The Temple High Choirs will take their turn to perform with The Holiday Gift on Tuesday, Dec. 14. The concert starts at 7:30 p.m. in the THS Auditorium.
TSO holiday show is Saturday
Our Town Temple
It’s been about two years since the full Temple Symphony Orchestra took to the stage, but that all changes Saturday, Dec. 4, with The Holiday Concert.
According to conductor Thomas Fairlie — maestro of the Temple Symphony since 1994 — the orchestra has been waiting a long time for this performance.
“For the first time since the pandemic began, I stepped back on the podium this past Monday,” Fairlie said. “We will have three rehearsals to get ready for The Holiday Concert. Our musicians are professionals — they will be ready.”
This special show will be on Dec. 4 at Temple High School’s auditorium, the original home of the Temple Symphony Orchestra.
Show time is 7:30 p.m.
The Holiday Concert will feature soprano Priscilla Santana and tenor Brian Joyce, and it will be the first performance of the season for the complete orchestra.

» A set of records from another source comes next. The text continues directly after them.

(* The assignment $c\mapsto[\![c]\!]_{op}$ is a morphism of props $\mathsf{ACirc}\to\mathsf{Traj}$; that is, for all circuits $c,d$: $[\![c;d]\!]_{op}=[\![c]\!]_{op};[\![d]\!]_{op}$ whenever $c;d$ is defined, $[\![c\oplus d]\!]_{op}=[\![c]\!]_{op}\oplus[\![d]\!]_{op}$, and identities and symmetries are sent to the identities and symmetries of $\mathsf{Traj}$.
   Context: Fix a field $k$. Circuits are terms built from generators, each with a sort $(n,m)$: copier $\Delta:(1,2)$, discard $!:(1,0)$, amplifier $\mathsf{s}_r:(1,1)$ ($r\in k$), register $\mathsf{x}:(1,1)$, adder $+:(2,1)$, zero $0:(0,1)$, one $\mathbf{1}:(0,1)$; mirror images $\Delta^{op}:(2,1)$, $!^{op}:(0,1)$, $\mathsf{s}_r^{op}:(1,1)$, $\mathsf{x}^{op}:(1,1)$, $+^{op}:(1,2)$, $0^{op}:(1,0)$, $\mathbf{1}^{op}:(1,0)$; $\mathrm{id}_0:(0,0)$, $\mathrm{id}_1:(1,1)$, $\mathrm{sw}:(2,2)$; closed under sequential composition $c;d$ (matching middle sort) and parallel composition $c\oplus d$ (sorts add). Modulo symmetric monoidal category laws they form the prop $\mathsf{ACirc}$. Operational semantics: a state is a circuit with a value of $k$ in each register ($\mathsf x$, $\mathsf x^{op}$); the initial state $c_0$ stores $0$ everywhere. Transitions $t\vdash c\xrightarrow[w]{v}c'$ (time $t\in\mathbb Z$, left label $v\in k^n$, right label $w\in k^m$) are generated by, for all $t$ and $a,b\in k$: $\Delta$: left $a$, right $(a,a)$; $!$: left $a$, right $\bullet$; $+$: left $(a,b)$, right $a+b$; $0$: left $\bullet$, right $0$; $\mathsf s_r$: left $a$, right $ra$; $\mathsf x$ storing $b$: left $a$, right $b$, then stores $a$; $\mathbf 1$: left $\bullet$, right $1$ if $t=0$, $0$ if $t\neq0$; mirrored generators: same rules with left/right labels exchanged; $\mathrm{id}_1$: $a/a$; $\mathrm{sw}$: $(a,b)/(b,a)$; $\mathrm{id}_0$: $\bullet/\bullet$; for $;$ the components synchronise at the same time on the shared middle label, for $\oplus$ they move at the same time with labels concatenated. A computation starting at time $t\le0$ is a sequence of transitions $t\vdash c_0\xrightarrow[v_t]{u_t}c_1$, $t+1\vdash c_1\xrightarrow[v_{t+1}]{u_{t+1}}c_2,\dots$ from the initial state. An $(n,m)$-trajectory is a map $\sigma:\mathbb Z\to k^n\times k^m$ with some $j$ such that $\sigma(i)=(0,0)$ for all $i\le j$; write $\sigma=\langle\sigma_l,\sigma_r\rangle$. For sets $S$ of $(k',m)$-trajectories and $T$ of $(m,n)$-trajectories, $S;T=\{\langle\sigma_l,\tau_r\rangle:\sigma\in S,\tau\in T,\sigma_r=\tau_l\}$; $S_1\oplus S_2=\{\sigma_1\oplus\sigma_2\}$ with $(\sigma_1\oplus\sigma_2)(i)$ the componentwise stacking of $\sigma_1(i)$ and $\sigma_2(i)$. These form a prop $\mathsf{Traj}$ whose arrows $n\to m$ are sets of $(n,m)$-trajectories. $[\![c]\!]_{op}$ is the set of trajectories $\sigma$ associated to infinite computations of $c$: $\sigma(i)=(u_i,v_i)$ for $i\ge t$ and $(0,0)$ for $i<t$, where $t$ is the starting time. *)

From HB Require Import structures.
From mathcomp Require Import all_boot all_order all_algebra.
Set Implicit Arguments. Unset Strict Implicit. Unset Printing Implicit Defensive.
Import Order.TTheory GRing.Theory Num.Theory.
Local Open Scope ring_scope.

Section ACirc.
Variable F : fieldType.

(* Circuit terms of sort (n,m).  Registers carry their stored value, so the
   same type also represents operational states. *)
Inductive circ : nat -> nat -> Type :=
| Copy : circ 1 2
| Discard : circ 1 0
| Amp : F -> circ 1 1
| Reg : F -> circ 1 1
| Add : circ 2 1
| Zero : circ 0 1
| One : circ 0 1
| CopyOp : circ 2 1
| DiscardOp : circ 0 1
| AmpOp : F -> circ 1 1
| RegOp : F -> circ 1 1
| AddOp : circ 1 2
| ZeroOp : circ 1 0
| OneOp : circ 1 0
| Id0 : circ 0 0
| Id1 : circ 1 1
| Sw : circ 2 2
| Seq : forall n m l, circ n m -> circ m l -> circ n l
| Par : forall n1 m1 n2 m2, circ n1 m1 -> circ n2 m2 -> circ (n1 + n2) (m1 + m2).

Fixpoint reset n m (c : circ n m) : circ n m :=
  match c in circ n m return circ n m with
  | Reg _ => Reg 0
  | RegOp _ => RegOp 0
  | Seq _ _ _ c d => Seq (reset c) (reset d)
  | Par _ _ _ _ c d => Par (reset c) (reset d)
  | c => c
  end.

Fixpoint cid n : circ n n :=
  match n with
  | 0 => Id0
  | n'.+1 => Par Id1 (cid n')
  end.

Definition v1 (a : F) : 'rV[F]_1 := const_mx a.
Definition v2 (a b : F) : 'rV[F]_2 :=
  \row_(i < 2) (if (i : nat) == 0%N then a else b).
Definition vnil : 'rV[F]_0 := 0.

Inductive step : forall n m, int -> circ n m -> 'rV[F]_n -> 'rV[F]_m -> circ n m -> Prop :=
| stCopy t a : step t Copy (v1 a) (v2 a a) Copy
| stDiscard t a : step t Discard (v1 a) vnil Discard
| stAmp t r a : step t (Amp r) (v1 a) (v1 (r * a)) (Amp r)
| stReg t b a : step t (Reg b) (v1 a) (v1 b) (Reg a)
| stAdd t a b : step t Add (v2 a b) (v1 (a + b)) Add
| stZero t : step t Zero vnil (v1 0) Zero
| stOne t : step t One vnil (v1 (if t == 0 then 1 else 0)) One
| stCopyOp t a : step t CopyOp (v2 a a) (v1 a) CopyOp
| stDiscardOp t a : step t DiscardOp vnil (v1 a) DiscardOp
| stAmpOp t r a : step t (AmpOp r) (v1 (r * a)) (v1 a) (AmpOp r)
| stRegOp t b a : step t (RegOp b) (v1 b) (v1 a) (RegOp a)
| stAddOp t a b : step t AddOp (v1 (a + b)) (v2 a b) AddOp
| stZeroOp t : step t ZeroOp (v1 0) vnil ZeroOp
| stOneOp t : step t OneOp (v1 (if t == 0 then 1 else 0)) vnil OneOp
| stId0 t : step t Id0 vnil vnil Id0
| stId1 t a : step t Id1 (v1 a) (v1 a) Id1
| stSw t a b : step t Sw (v2 a b) (v2 b a) Sw
| stSeq t n m l (c c' : circ n m) (d d' : circ m l) u v w :
    step t c u v c' -> step t d v w d' -> step t (Seq c d) u w (Seq c' d')
| stPar t n1 m1 n2 m2 (c c' : circ n1 m1) (d d' : circ n2 m2) u1 w1 u2 w2 :
    step t c u1 w1 c' -> step t d u2 w2 d' ->
    step t (Par c d) (row_mx u1 u2) (row_mx w1 w2) (Par c' d').

Definition trajfun n m := int -> 'rV[F]_n * 'rV[F]_m.
Definition is_traj n m (s : trajfun n m) : Prop :=
  exists j : int, forall i : int, i <= j -> s i = (0, 0).

Definition trajset n m := trajfun n m -> Prop.

Definition tseq k m n (S : trajset k m) (T : trajset m n) : trajset k n :=
  fun r => exists (s : trajfun k m) (t : trajfun m n),
    S s /\ T t /\ (forall i, (s i).2 = (t i).1) /\
    (forall i, r i = ((s i).1, (t i).2)).

Definition tpar n1 m1 n2 m2 (S1 : trajset n1 m1) (S2 : trajset n2 m2)
  : trajset (n1 + n2) (m1 + m2) :=
  fun r => exists (s1 : trajfun n1 m1) (s2 : trajfun n2 m2),
    S1 s1 /\ S2 s2 /\
    (forall i, r i = (row_mx (s1 i).1 (s2 i).1, row_mx (s1 i).2 (s2 i).2)).

Definition tid n : trajset n n :=
  fun s => is_traj s /\ forall i, (s i).1 = (s i).2.

Definition tsym n m : trajset (n + m) (m + n) :=
  fun s => is_traj s /\
    forall i, (s i).2 = row_mx (rsubmx (s i).1) (lsubmx (s i).1).

Definition opsem n m (c : circ n m) : trajset n m :=
  fun sg => exists (t : int) (st : nat -> circ n m)
                   (u : nat -> 'rV[F]_n) (w : nat -> 'rV[F]_m),
    t <= 0 /\ st 0%N = reset c /\
    (forall i : nat, step (t + i%:Z) (st i) (u i) (w i) (st i.+1)) /\
    (forall j : int, sg j = if t <= j then (u `|j - t|%N, w `|j - t|%N)
                            else (0, 0)).

End ACirc.

(* A computation of c;d is a pair of computations of c and d that run in lockstep
   and agree on the middle boundary, and a computation of c(+)d is a stacked pair.
   Conversely two such computations glue together, except that they may start at
   different times t1, t2 <= 0.  At every time other than 0 (when the constant 1
   fires) the initial state, fed zeros, emits zeros and stays initial; so a
   computation whose trajectory vanishes before its start can be started at any
   earlier time, in particular at min t1 t2.  Identities and the symmetry have no
   state, so their computations are the trajectories that obey the wiring at every
   time. *)
From mathcomp Require Import all_boot all_order all_algebra.
From mathcomp Require Import zify.
From Stdlib Require Import Eqdep_dec ClassicalEpsilon FunctionalExtensionality PropExtensionality.
Import Order.TTheory GRing.Theory.
Local Open Scope ring_scope.
Set Implicit Arguments. Unset Strict Implicit.

Lemma int_ind_from (t : int) (P : int -> Prop) :
  P t -> (forall j, t <= j -> P j -> P (j + 1)) -> forall j, t <= j -> P j.
Proof.
move=> Pt PS j le_tj; have [k ->] : exists k : nat, j = t + k by exists (absz (j - t)); lia.
elim: k {le_tj} => [|k IHk]; first by rewrite addr0.
by rewrite -addn1 PoszD addrA; apply: PS => //; lia.
Qed.

Lemma nat_existT_inj (P : nat -> Type) n (x y : P n) :
  existT P n x = existT P n y -> x = y.
Proof. exact: inj_pair2_eq_dec (@eq_comparable nat) P n x y. Qed.
Arguments nat_existT_inj {P n x y}.

Section OperationalSemantics.
Variable F : fieldType.

Lemma trajset_ext n m (S T : trajset F n m) : (forall s, S s <-> T s) -> S = T.
Proof.
by move=> eqST; apply: functional_extensionality => s; apply: propositional_extensionality.
Qed.

Lemma v2_row_mx (a b : F) : v2 a b = row_mx (v1 a) (v1 b).
Proof.
by apply/rowP => k; rewrite !mxE; case: splitP => j ->; rewrite !mxE ?ord1.
Qed.

Lemma rV1_v1 (x : 'rV[F]_1) : x = v1 (x 0 0).
Proof. by apply/rowP => k; rewrite !mxE ord1. Qed.

Definition step_inv t n m (C : circ F n m) : 'rV[F]_n -> 'rV[F]_m -> circ F n m -> Prop :=
  match C in circ _ n m return 'rV[F]_n -> 'rV[F]_m -> circ F n m -> Prop with
  | Id0 => fun _ _ C' => C' = Id0 F
  | Id1 => fun u w C' => u = w /\ C' = Id1 F
  | Sw => fun u w C' => (exists a b, u = v2 a b /\ w = v2 b a) /\ C' = Sw F
  | Seq _ _ _ c d => fun u w C' =>
      exists c' d' v, [/\ C' = Seq c' d', step t c u v c' & step t d v w d']
  | Par _ _ _ _ c d => fun u w C' =>
      exists c' d', [/\ C' = Par c' d', step t c (lsubmx u) (lsubmx w) c'
                      & step t d (rsubmx u) (rsubmx w) d']
  | _ => fun _ _ _ => True
  end.

Lemma stepP t n m (C : circ F n m) u w C' : step t C u w C' -> step_inv t C u w C'.
Proof.
case=> //= [t' a b|t' n1 m1 l c c' d d' u1 v w1 stc std
            |t' n1 m1 n2 m2 c c' d d' u1 w1 u2 w2 stc std].
- by split=> //; exists a, b.
- by exists c', d', v.
- by exists c', d'; rewrite !row_mxKl !row_mxKr.
Qed.

Lemma Seq_inj n m l (c c' : circ F n m) (d d' : circ F m l) :
  Seq c d = Seq c' d' -> c = c' /\ d = d'.
Proof. by case=> /nat_existT_inj/nat_existT_inj-> /nat_existT_inj/nat_existT_inj->. Qed.

Lemma Par_inj n1 m1 n2 m2 (c c' : circ F n1 m1) (d d' : circ F n2 m2) :
  Par c d = Par c' d' -> c = c' /\ d = d'.
Proof. by case=> /nat_existT_inj/nat_existT_inj-> /nat_existT_inj/nat_existT_inj->. Qed.

Definition run_from n m t (C : circ F n m) (sg : trajfun F n m) :=
  exists st : int -> circ F n m, st t = C /\
    forall j, t <= j -> step j (st j) (sg j).1 (sg j).2 (st (j + 1)).

Definition zero_before n m t (sg : trajfun F n m) := forall j, j < t -> sg j = (0, 0).

Lemma opsemP n m (c : circ F n m) sg :
  opsem c sg <-> exists t, [/\ t <= 0, zero_before t sg & run_from t (reset c) sg].
Proof.
split.
- case=> t [st [u [w [le_t0 [st0 [st_step sgE]]]]]].
  exists t; split=> // [j lt_jt|].
    by rewrite sgE; case: ifP => //; lia.
  exists (fun j => st (absz (j - t))); split=> [|j le_tj]; first by rewrite subrr.
  have -> : absz (j + 1 - t)%R = (absz (j - t)%R).+1 by lia.
  have := st_step (absz (j - t)); have -> : t + (absz (j - t))%:Z = j by lia.
  by rewrite sgE le_tj.
- case=> t [le_t0 sg0 [st [stt st_step]]].
  exists t, (fun i : nat => st (t + i%:Z)), (fun i => (sg (t + i%:Z)).1),
    (fun i => (sg (t + i%:Z)).2).
  do 2!split=> //; first by rewrite addr0.
  split=> [i|j]; first by rewrite -(addn1 i) PoszD addrA; apply: st_step; lia.
  case: ifP => [le_tj|lt_jt]; last by apply: sg0; lia.
  have -> : t + (absz (j - t))%:Z = j by lia.
  by case: (sg j).
Qed.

“We will have about 75 musicians for the Holiday Concert,” Fairlie said. “We are definitely ready for this.”
For ticket information, visit www.TempleSymphony.org.
Toy Drive is Friday at Fire Base Brewing
Our Town Temple
A downtown street party will help provide hundreds of toys, books and stuffed animals to Temple kids in need.
Sammy G’s fourth annual toy drive will be Friday, Dec. 3, in front of Fire Base Brewing Company, and donations go toward the Temple Police Department’s Blue Santa program. Blue Santa provides Christmas gifts for Temple children age 14 and under.
“There’s a big need right here in our hometown,” said Sammy ‘G’ Gamino, who started his toy drive four years ago along with the King Solomon Lodge in Temple. “Together, we can bring smiles to children’s faces this Christmas.”
The block party is being hosted by Fire Base Brewing Company, 8 South 1st Street in Temple.
“We’re asking residents to bring a new unwrapped toy or book to the party,” said J.D. McBride, co-owner of Fire Base. “We’re going to sweeten the deal — bring in a new toy and we’ll take a buck off your first beer.”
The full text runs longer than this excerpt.